## Aim of the task
From the entries below, retype only the lines from the one with "forall i : cell" through the one with "Lemma freezing_iter d", exactly as written.

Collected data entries
[Start of Attachment]
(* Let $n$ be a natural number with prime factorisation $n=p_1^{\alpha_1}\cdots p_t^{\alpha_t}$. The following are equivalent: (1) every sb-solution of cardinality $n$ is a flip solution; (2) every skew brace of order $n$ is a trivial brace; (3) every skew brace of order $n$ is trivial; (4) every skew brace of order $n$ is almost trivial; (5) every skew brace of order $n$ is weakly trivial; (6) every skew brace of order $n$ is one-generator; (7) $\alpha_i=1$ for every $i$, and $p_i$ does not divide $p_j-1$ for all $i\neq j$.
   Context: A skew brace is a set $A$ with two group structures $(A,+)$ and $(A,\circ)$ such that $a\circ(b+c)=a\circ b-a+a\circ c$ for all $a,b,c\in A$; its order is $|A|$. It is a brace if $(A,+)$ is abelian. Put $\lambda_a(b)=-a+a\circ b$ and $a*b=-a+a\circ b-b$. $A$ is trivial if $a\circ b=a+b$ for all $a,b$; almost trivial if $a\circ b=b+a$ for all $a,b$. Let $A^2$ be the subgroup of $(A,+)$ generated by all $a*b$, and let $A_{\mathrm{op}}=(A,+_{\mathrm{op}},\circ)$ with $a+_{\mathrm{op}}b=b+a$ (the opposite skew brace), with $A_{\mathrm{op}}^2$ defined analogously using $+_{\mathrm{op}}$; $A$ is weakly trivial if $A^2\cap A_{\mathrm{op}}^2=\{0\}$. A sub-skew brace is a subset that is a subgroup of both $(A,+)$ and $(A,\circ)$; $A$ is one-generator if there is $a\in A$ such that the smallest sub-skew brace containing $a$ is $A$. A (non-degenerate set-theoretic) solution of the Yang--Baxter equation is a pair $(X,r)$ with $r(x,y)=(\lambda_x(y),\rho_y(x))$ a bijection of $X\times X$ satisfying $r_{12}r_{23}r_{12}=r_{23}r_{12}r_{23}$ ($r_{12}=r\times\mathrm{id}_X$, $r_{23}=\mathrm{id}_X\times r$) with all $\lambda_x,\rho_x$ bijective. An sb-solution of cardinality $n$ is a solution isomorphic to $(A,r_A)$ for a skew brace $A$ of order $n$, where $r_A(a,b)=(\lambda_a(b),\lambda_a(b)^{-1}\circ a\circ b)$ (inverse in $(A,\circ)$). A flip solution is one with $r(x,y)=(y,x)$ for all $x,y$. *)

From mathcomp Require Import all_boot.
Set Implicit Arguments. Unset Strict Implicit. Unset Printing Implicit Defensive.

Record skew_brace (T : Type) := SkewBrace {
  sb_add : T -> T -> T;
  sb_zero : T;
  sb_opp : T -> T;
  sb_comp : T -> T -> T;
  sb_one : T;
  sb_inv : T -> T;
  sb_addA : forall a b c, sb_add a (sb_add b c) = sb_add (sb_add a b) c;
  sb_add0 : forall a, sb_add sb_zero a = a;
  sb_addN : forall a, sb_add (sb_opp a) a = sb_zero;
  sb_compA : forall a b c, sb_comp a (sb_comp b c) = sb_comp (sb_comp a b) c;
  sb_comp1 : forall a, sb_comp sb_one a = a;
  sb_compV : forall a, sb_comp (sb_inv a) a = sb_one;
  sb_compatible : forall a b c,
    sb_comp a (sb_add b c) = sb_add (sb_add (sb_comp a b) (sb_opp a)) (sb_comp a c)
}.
[End of Attachment]
[Start of Attachment]
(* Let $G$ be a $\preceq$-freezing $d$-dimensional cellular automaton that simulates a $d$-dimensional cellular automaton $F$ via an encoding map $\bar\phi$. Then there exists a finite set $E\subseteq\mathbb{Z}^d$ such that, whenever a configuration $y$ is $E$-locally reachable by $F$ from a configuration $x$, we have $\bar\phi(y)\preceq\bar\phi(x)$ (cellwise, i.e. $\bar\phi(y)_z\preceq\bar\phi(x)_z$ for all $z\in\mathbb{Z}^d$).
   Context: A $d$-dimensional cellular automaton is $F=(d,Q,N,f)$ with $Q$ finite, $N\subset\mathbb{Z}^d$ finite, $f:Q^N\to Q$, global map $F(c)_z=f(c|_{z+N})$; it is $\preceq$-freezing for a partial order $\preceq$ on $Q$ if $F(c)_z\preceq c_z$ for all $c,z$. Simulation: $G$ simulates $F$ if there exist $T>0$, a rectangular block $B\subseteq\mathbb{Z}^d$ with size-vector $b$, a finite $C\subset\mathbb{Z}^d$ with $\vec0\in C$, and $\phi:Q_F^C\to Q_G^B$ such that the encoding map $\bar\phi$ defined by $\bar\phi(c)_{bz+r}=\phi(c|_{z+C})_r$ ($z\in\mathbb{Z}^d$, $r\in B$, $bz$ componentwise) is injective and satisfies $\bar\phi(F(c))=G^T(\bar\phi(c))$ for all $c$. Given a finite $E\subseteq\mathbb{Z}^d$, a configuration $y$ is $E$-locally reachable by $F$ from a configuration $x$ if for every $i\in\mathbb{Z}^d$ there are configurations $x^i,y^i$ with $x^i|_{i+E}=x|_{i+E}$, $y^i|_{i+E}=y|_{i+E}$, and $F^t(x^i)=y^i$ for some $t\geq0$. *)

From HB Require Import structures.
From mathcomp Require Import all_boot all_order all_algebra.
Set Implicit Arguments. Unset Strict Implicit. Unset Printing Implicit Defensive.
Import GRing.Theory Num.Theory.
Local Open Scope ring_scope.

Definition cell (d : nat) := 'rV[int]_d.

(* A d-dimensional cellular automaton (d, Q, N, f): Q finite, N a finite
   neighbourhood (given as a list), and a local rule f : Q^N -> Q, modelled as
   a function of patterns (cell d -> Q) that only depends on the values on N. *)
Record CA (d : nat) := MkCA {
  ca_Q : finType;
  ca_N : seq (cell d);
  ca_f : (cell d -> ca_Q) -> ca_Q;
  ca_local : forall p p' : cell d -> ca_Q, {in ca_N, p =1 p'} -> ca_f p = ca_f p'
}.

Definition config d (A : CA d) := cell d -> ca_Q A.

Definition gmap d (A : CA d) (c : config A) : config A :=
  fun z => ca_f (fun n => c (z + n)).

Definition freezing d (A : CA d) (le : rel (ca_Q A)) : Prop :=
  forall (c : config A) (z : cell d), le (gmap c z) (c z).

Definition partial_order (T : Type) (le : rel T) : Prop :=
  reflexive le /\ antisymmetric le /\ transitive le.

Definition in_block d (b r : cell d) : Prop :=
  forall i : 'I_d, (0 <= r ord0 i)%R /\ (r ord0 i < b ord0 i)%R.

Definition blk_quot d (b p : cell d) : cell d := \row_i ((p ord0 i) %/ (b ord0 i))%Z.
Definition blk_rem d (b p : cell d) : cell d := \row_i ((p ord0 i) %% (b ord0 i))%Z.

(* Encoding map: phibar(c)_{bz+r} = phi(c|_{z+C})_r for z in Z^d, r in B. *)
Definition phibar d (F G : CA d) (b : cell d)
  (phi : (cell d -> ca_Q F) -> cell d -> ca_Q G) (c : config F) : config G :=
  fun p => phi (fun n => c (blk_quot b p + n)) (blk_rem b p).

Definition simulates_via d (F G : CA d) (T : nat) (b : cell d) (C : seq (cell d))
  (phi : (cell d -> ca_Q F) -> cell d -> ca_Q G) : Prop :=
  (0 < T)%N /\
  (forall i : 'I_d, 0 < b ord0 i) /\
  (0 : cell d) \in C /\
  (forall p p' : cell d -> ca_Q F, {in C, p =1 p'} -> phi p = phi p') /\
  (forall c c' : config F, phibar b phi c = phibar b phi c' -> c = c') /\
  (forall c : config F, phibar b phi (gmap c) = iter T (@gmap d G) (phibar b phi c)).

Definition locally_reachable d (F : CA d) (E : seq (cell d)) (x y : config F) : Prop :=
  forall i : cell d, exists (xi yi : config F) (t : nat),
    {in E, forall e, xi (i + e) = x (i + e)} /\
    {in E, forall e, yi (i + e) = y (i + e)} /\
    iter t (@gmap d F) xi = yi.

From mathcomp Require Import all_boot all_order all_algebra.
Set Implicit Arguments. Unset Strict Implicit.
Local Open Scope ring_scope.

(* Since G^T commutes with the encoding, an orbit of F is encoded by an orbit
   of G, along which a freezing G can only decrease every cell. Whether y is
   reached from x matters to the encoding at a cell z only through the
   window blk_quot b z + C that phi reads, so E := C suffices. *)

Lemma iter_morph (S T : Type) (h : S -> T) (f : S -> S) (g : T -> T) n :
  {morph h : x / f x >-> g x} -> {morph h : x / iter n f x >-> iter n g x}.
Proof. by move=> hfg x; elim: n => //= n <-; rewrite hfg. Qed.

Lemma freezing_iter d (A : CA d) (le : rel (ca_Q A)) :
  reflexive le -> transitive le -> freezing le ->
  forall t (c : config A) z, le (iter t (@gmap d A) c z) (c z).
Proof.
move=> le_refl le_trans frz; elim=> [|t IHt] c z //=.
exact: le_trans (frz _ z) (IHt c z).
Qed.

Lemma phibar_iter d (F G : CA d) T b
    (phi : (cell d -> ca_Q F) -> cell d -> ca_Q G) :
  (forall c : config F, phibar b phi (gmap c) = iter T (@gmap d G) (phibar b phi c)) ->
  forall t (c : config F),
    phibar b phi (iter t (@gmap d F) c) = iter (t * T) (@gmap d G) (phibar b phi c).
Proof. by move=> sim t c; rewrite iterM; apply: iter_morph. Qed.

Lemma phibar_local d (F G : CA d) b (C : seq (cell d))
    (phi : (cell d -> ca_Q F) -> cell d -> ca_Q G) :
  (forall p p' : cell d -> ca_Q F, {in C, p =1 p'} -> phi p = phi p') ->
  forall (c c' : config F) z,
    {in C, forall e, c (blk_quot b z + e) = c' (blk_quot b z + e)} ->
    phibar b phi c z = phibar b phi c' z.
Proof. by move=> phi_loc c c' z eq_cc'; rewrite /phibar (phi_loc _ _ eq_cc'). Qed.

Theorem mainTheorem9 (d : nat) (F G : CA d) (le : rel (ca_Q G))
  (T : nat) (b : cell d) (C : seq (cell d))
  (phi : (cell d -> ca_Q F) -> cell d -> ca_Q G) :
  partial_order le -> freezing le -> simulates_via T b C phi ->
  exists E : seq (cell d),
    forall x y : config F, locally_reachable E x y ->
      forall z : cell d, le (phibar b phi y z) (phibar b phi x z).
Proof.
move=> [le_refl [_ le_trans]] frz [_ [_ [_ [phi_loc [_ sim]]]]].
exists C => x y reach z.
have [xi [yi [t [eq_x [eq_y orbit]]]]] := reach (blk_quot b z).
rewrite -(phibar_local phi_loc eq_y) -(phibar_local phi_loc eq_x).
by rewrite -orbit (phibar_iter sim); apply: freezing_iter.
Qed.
[End of Attachment]
## Result of this task
  forall i : cell d, exists (xi yi : config F) (t : nat),
    {in E, forall e, xi (i + e) = x (i + e)} /\
    {in E, forall e, yi (i + e) = y (i + e)} /\
    iter t (@gmap d F) xi = yi.

From mathcomp Require Import all_boot all_order all_algebra.
Set Implicit Arguments. Unset Strict Implicit.
Local Open Scope ring_scope.

(* Since G^T commutes with the encoding, an orbit of F is encoded by an orbit
   of G, along which a freezing G can only decrease every cell. Whether y is
   reached from x matters to the encoding at a cell z only through the
   window blk_quot b z + C that phi reads, so E := C suffices. *)

Lemma iter_morph (S T : Type) (h : S -> T) (f : S -> S) (g : T -> T) n :
  {morph h : x / f x >-> g x} -> {morph h : x / iter n f x >-> iter n g x}.
Proof. by move=> hfg x; elim: n => //= n <-; rewrite hfg. Qed.

Lemma freezing_iter d (A : CA d) (le : rel (ca_Q A)) :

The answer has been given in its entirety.